Like Beatrice, The Girl and Ruth both gain peace once their ideas of revenge and justice have been completed. For Ruth, she seems to find that place of understanding and peace when she doesn’t immediately kill her last victim, the man she believes to hold the most responsibility for her husband’s death. Yet, in the final act, Ruth comes back to finish what she started. Likewise, The Girl has no reason to kill Hossein or Saeed, but for her own idea of justice. Neither are a real threat to her, but she seems compelled to finish the job she started. For Beatrice, The Girl and Ruth - murder is a way of dealing with their own emotions and grief.

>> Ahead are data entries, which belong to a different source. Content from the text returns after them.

(* Let $G$ be a dicotic nonzugzwang scoring game all of whose terminal positions are numbers. Then $m(G)-\sigma(G)\leq Rs(G)\leq m(G)\leq Ls(G)\leq m(G)+\sigma(G)$.
   Context: A scoring game is $G=\langle G^L\mid G^R\rangle$ with $G^L,G^R$ finite nonempty sets of scoring games or empty sets decorated with a real, $\emptyset^s$; $\langle\emptyset^s\mid\emptyset^s\rangle$ is the number $s$. $Ls(\langle\emptyset^s\mid G^R\rangle)=s$, $Rs(\langle G^L\mid\emptyset^s\rangle)=s$, otherwise $Ls(G)=\max_{G^l\in G^L}Rs(G^l)$, $Rs(G)=\min_{G^r\in G^R}Ls(G^r)$. Disjunctive sum: Left options of $G_1+G_2$ are all $G_1^l+G_2$, $G_1+G_2^l$ (Left side $\emptyset^{\ell_1+\ell_2}$ if neither has Left options), symmetrically for Right; $H+c$ adds the number $c$ to all terminal scores; $nG$ is the sum of $n$ copies. Dicotic: at every position both players have options or neither; nonzugzwang: $Ls(H)\ge Rs(H)$ at every position. Mean: $m(G)=\lim_{n\to\infty}Ls(nG)/n=\lim_{n\to\infty}Rs(nG)/n$ (these exist and agree for dicotic nonzugzwang games). Cooling: if $G$ is a number $k$, $G_t=k$, $\sigma(G)=0$; otherwise $\widetilde G_t=\langle \{G^l_t-t\}\mid \{G^r_t+t\}\rangle$, $t_0=\min\{t\ge0: Ls(\widetilde G_t)=Rs(\widetilde G_t)\}$, $G_t=\widetilde G_t$ for $t\le t_0$ and the number $Ls(\widetilde G_{t_0})$ for $t>t_0$; $\sigma(G)=t_0$ is the temperature. *)

From Stdlib Require Import Reals List Relations.
From Coquelicot Require Import Coquelicot.
Import ListNotations.
Open Scope R_scope.

(* The real [l] (resp. [r]) is the decoration of
   the empty Left (resp. Right) set, i.e. the game is <emptyset^l | ...> when
   L = [] ; it is ignored (by every function below) when L <> []. *)
Inductive game : Type :=
  Gm : list game -> R -> list game -> R -> game.

Definition leftopts (g : game) : list game := let 'Gm L _ _ _ := g in L.
Definition rightopts (g : game) : list game := let 'Gm _ _ Rt _ := g in Rt.
Definition leftscore (g : game) : R := let 'Gm _ l _ _ := g in l.
Definition rightscore (g : game) : R := let 'Gm _ _ _ r := g in r.

Definition num (s : R) : game := Gm [] s [] s.

Fixpoint LRs (g : game) : R * R :=
  match g with
  | Gm L l Rt r =>
    (match L with
     | [] => l
     | x :: xs => fold_right (fun y acc => Rmax (snd (LRs y)) acc) (snd (LRs x)) xs
     end,
     match Rt with
     | [] => r
     | x :: xs => fold_right (fun y acc => Rmin (fst (LRs y)) acc) (fst (LRs x)) xs
     end)
  end.

Definition Ls (g : game) : R := fst (LRs g).
Definition Rs (g : game) : R := snd (LRs g).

In a slightly different way - but again utilising traditionally feminine character traits - Anna Biller’s The Love Witch explores love and murder from the perspective of its die-hard romantic (literally) Elaine (Samantha Robinson). At first glance, it may appear to be a Technicolor revisioning of 1970s sexploitation cinema (which is still a commonly held view even though Biller has dismissed this entirely). The Love Witch, in actuality, is a complex film which explores modern ideas about love, sex, relationships and romance and plays into them entirely. Protagonist Elaine comes off, to begin with, as slightly unhinged when compared to her new acquaintance Trish who holds more feminist and progressive views on the roles of men and women.
Surprisingly, I found Elaine reminded me of a different character from a very different film - Alex from Fatal Attraction. Though a world apart, Alex’s obsession drives her to become violent (disguised as passion) and it’s also Elaine’s obsessions with finding the perfect lover that drives her to become violent too. The fundamental difference is that Elaine commits these atrocities because she has been completely conditioned by patriarchal values and her murder spree (in her own eyes) is nothing more than her completing the search for her perfect man. She, according to a society which feeds women a diet of romance and objectification, has actually done very little wrong. The Love Witch details, subtly of course, why Elaine is like this and how she has become intoxicated with these ideas. Alex, on the other hand, is easily dismissed as crazy (particularly when she kills herself at the end) because we are never encouraged to explore her backstory or to understand why she behaves the way she does.
Though female killers are becoming more and more popular in cinema, the most successful films understand and explore the complexities behind their protagonists desire to kill. They do not exist in a world devoid of sexist stereotypes or societal expectations. These characters successfully reclaim the night, and entertain us whilst doing so because they address the idea that women are supposed to be kinder, gentler and well...less murderous, and upend it completely. With any luck, complex female killers are here for the long run … on screen anyway.